┌──

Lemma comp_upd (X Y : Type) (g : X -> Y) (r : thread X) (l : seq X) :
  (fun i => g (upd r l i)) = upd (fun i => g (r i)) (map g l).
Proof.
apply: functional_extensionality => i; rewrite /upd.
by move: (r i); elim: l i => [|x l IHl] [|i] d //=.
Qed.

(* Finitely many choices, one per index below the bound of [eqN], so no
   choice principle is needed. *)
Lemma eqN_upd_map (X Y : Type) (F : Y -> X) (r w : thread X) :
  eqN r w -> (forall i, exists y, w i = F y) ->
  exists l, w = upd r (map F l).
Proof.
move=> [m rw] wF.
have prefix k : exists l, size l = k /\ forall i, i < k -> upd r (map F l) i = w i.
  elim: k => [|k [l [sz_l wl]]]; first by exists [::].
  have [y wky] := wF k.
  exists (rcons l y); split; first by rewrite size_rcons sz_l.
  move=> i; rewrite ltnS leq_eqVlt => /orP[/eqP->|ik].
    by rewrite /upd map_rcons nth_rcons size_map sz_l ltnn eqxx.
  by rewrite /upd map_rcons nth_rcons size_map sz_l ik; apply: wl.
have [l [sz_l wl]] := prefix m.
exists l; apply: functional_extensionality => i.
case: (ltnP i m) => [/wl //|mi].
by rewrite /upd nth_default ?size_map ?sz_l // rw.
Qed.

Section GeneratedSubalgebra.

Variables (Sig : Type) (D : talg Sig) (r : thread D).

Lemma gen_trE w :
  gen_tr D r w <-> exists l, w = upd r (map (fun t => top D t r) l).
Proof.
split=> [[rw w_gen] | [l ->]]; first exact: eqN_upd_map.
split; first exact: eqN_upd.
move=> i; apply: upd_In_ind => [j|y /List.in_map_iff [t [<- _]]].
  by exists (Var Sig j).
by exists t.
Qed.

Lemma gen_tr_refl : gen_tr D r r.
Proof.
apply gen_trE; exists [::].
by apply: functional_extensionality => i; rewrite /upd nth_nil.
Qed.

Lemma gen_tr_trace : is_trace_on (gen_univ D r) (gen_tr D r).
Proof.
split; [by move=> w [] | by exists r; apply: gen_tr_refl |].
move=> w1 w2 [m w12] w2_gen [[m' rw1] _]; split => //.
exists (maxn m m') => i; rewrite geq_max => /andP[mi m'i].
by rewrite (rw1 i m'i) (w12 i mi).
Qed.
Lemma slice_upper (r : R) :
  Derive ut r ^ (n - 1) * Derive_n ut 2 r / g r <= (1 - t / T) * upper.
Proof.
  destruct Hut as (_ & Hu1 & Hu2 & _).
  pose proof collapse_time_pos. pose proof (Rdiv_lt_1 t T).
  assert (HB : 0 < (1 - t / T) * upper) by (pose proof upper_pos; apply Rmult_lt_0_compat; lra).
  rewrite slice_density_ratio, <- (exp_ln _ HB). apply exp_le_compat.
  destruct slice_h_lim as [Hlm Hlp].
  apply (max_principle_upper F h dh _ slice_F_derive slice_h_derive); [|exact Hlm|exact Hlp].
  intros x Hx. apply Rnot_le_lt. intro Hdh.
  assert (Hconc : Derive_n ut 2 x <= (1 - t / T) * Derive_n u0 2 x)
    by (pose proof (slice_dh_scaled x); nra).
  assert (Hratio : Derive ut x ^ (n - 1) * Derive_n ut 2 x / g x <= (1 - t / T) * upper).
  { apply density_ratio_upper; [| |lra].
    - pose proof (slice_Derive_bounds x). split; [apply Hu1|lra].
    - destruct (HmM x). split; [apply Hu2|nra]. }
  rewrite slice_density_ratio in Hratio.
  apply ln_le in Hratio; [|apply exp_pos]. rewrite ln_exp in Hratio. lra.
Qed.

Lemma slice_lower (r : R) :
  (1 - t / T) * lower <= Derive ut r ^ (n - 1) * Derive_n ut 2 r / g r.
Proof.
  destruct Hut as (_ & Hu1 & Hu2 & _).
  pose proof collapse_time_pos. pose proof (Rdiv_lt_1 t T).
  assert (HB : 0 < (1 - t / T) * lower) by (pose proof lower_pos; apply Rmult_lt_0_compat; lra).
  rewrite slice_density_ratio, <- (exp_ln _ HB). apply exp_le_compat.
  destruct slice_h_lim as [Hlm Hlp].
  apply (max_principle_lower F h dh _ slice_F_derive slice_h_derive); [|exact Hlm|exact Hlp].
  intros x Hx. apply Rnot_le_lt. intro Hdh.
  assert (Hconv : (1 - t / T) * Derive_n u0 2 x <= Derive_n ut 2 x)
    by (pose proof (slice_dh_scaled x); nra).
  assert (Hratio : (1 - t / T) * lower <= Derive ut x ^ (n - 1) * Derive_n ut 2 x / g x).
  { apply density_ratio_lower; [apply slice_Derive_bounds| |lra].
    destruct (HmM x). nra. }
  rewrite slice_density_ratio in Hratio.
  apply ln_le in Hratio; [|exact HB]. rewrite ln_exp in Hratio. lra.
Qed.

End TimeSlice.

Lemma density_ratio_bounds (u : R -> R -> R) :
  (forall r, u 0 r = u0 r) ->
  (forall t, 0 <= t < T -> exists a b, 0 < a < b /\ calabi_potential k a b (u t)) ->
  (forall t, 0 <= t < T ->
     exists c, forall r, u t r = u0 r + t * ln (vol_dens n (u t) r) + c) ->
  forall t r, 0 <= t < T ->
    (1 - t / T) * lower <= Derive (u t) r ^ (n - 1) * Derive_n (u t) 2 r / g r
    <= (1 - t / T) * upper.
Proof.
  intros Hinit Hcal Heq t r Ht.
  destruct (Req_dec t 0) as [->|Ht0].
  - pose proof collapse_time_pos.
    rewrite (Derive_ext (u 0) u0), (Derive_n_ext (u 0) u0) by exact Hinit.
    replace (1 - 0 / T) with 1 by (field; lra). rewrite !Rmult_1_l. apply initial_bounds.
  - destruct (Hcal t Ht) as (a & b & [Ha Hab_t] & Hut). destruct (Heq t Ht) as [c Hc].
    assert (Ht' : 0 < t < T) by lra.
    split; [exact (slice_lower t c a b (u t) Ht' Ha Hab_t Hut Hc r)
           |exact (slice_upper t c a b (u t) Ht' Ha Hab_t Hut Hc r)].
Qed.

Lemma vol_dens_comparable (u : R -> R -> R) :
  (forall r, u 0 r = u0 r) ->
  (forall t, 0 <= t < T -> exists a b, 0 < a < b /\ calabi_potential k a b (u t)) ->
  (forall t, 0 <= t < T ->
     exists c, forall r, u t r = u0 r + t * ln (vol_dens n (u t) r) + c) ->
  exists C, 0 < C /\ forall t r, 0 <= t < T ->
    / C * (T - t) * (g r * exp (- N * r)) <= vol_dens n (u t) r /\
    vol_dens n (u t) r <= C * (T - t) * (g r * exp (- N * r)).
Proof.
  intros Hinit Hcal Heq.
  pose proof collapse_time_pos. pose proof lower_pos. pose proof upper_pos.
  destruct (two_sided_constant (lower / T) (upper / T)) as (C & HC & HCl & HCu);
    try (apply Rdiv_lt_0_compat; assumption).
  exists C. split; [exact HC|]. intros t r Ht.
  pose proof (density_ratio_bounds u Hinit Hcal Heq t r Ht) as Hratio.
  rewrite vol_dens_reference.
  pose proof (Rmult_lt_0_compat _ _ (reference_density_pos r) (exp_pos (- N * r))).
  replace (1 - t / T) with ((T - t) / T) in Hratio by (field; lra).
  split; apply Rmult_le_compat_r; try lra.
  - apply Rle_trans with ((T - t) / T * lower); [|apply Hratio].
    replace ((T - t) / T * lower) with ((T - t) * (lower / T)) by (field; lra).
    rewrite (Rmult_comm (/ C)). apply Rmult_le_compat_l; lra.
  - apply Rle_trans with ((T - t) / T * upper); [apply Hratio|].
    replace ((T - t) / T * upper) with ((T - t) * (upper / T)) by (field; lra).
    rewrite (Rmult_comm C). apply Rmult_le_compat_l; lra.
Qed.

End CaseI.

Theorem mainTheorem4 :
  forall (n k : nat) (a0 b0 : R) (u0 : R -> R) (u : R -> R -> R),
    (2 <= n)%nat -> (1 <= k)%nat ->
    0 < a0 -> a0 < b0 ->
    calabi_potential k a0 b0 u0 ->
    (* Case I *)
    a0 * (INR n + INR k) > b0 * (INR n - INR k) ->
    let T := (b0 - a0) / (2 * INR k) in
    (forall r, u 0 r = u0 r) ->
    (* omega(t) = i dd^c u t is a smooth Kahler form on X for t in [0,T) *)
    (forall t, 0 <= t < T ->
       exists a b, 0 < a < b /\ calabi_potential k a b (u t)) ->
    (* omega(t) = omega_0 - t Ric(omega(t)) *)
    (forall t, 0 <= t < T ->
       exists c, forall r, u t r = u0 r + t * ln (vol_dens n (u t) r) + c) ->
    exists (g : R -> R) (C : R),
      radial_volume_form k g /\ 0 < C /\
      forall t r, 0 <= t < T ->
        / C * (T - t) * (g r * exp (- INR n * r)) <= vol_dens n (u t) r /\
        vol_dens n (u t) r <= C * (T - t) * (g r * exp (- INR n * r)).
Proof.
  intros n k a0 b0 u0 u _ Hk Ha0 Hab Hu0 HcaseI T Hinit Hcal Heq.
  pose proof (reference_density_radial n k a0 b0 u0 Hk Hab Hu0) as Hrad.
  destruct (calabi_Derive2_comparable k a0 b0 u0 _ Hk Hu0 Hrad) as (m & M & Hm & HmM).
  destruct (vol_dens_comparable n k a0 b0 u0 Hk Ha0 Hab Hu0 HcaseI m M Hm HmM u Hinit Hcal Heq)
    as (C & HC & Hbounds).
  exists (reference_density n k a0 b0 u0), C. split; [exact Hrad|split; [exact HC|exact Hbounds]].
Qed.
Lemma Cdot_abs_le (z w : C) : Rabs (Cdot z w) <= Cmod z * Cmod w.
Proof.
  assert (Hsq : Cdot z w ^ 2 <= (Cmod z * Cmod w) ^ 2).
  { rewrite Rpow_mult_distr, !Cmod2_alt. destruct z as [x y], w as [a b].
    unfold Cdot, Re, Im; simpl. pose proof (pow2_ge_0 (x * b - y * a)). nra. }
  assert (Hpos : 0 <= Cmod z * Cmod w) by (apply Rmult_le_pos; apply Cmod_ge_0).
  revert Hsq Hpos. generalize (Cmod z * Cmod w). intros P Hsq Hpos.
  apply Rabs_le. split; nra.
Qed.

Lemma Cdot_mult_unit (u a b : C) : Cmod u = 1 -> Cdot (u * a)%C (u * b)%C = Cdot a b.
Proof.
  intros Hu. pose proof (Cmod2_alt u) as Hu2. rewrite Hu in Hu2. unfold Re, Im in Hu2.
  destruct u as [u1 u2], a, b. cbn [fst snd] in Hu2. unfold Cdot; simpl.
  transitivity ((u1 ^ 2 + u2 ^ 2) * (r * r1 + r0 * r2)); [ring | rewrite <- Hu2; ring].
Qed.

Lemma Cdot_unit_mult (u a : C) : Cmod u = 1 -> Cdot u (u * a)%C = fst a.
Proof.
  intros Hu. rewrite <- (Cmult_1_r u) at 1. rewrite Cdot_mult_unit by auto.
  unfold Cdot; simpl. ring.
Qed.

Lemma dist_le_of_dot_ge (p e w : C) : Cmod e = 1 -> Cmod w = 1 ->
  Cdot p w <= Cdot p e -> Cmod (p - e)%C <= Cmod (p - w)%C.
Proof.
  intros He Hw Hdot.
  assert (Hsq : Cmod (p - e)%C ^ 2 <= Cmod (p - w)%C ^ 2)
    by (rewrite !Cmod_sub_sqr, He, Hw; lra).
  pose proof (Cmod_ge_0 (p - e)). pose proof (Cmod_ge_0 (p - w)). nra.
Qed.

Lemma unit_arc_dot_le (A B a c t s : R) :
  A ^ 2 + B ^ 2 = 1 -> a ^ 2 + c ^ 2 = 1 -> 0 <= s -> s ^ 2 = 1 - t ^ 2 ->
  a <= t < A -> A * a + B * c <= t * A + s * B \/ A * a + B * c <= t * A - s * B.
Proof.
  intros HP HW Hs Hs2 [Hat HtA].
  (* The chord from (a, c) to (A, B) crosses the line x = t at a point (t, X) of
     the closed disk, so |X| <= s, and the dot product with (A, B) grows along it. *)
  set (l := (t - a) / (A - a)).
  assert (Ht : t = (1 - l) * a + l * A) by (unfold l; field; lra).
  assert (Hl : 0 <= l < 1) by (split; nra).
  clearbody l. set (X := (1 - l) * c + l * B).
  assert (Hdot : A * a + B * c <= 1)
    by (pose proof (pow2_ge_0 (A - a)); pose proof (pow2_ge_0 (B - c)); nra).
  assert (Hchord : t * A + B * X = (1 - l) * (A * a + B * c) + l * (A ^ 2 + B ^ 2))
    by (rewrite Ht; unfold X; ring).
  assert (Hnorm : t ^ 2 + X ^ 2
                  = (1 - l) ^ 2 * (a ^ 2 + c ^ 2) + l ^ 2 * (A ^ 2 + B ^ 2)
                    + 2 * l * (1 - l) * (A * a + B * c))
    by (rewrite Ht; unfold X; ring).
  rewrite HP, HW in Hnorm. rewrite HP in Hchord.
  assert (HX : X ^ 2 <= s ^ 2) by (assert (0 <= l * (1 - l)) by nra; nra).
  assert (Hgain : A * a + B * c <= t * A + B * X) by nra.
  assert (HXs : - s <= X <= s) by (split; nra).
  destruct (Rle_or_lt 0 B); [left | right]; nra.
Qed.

└──

Task goal:
Please output an exact copy of the lines above, from the opening line of the data down to the line that contains "Lemma slice_upper (r".

Response to the exercise:
Lemma comp_upd (X Y : Type) (g : X -> Y) (r : thread X) (l : seq X) :
  (fun i => g (upd r l i)) = upd (fun i => g (r i)) (map g l).
Proof.
apply: functional_extensionality => i; rewrite /upd.
by move: (r i); elim: l i => [|x l IHl] [|i] d //=.
Qed.

(* Finitely many choices, one per index below the bound of [eqN], so no
   choice principle is needed. *)
Lemma eqN_upd_map (X Y : Type) (F : Y -> X) (r w : thread X) :
  eqN r w -> (forall i, exists y, w i = F y) ->
  exists l, w = upd r (map F l).
Proof.
move=> [m rw] wF.
have prefix k : exists l, size l = k /\ forall i, i < k -> upd r (map F l) i = w i.
  elim: k => [|k [l [sz_l wl]]]; first by exists [::].
  have [y wky] := wF k.
  exists (rcons l y); split; first by rewrite size_rcons sz_l.
  move=> i; rewrite ltnS leq_eqVlt => /orP[/eqP->|ik].
    by rewrite /upd map_rcons nth_rcons size_map sz_l ltnn eqxx.
  by rewrite /upd map_rcons nth_rcons size_map sz_l ik; apply: wl.
have [l [sz_l wl]] := prefix m.
exists l; apply: functional_extensionality => i.
case: (ltnP i m) => [/wl //|mi].
by rewrite /upd nth_default ?size_map ?sz_l // rw.
Qed.

Section GeneratedSubalgebra.

Variables (Sig : Type) (D : talg Sig) (r : thread D).

Lemma gen_trE w :
  gen_tr D r w <-> exists l, w = upd r (map (fun t => top D t r) l).
Proof.
split=> [[rw w_gen] | [l ->]]; first exact: eqN_upd_map.
split; first exact: eqN_upd.
move=> i; apply: upd_In_ind => [j|y /List.in_map_iff [t [<- _]]].
  by exists (Var Sig j).
by exists t.
Qed.

Lemma gen_tr_refl : gen_tr D r r.
Proof.
apply gen_trE; exists [::].
by apply: functional_extensionality => i; rewrite /upd nth_nil.
Qed.

Lemma gen_tr_trace : is_trace_on (gen_univ D r) (gen_tr D r).
Proof.
split; [by move=> w [] | by exists r; apply: gen_tr_refl |].
move=> w1 w2 [m w12] w2_gen [[m' rw1] _]; split => //.
exists (maxn m m') => i; rewrite geq_max => /andP[mi m'i].
by rewrite (rw1 i m'i) (w12 i mi).
Qed.
Lemma slice_upper (r : R) :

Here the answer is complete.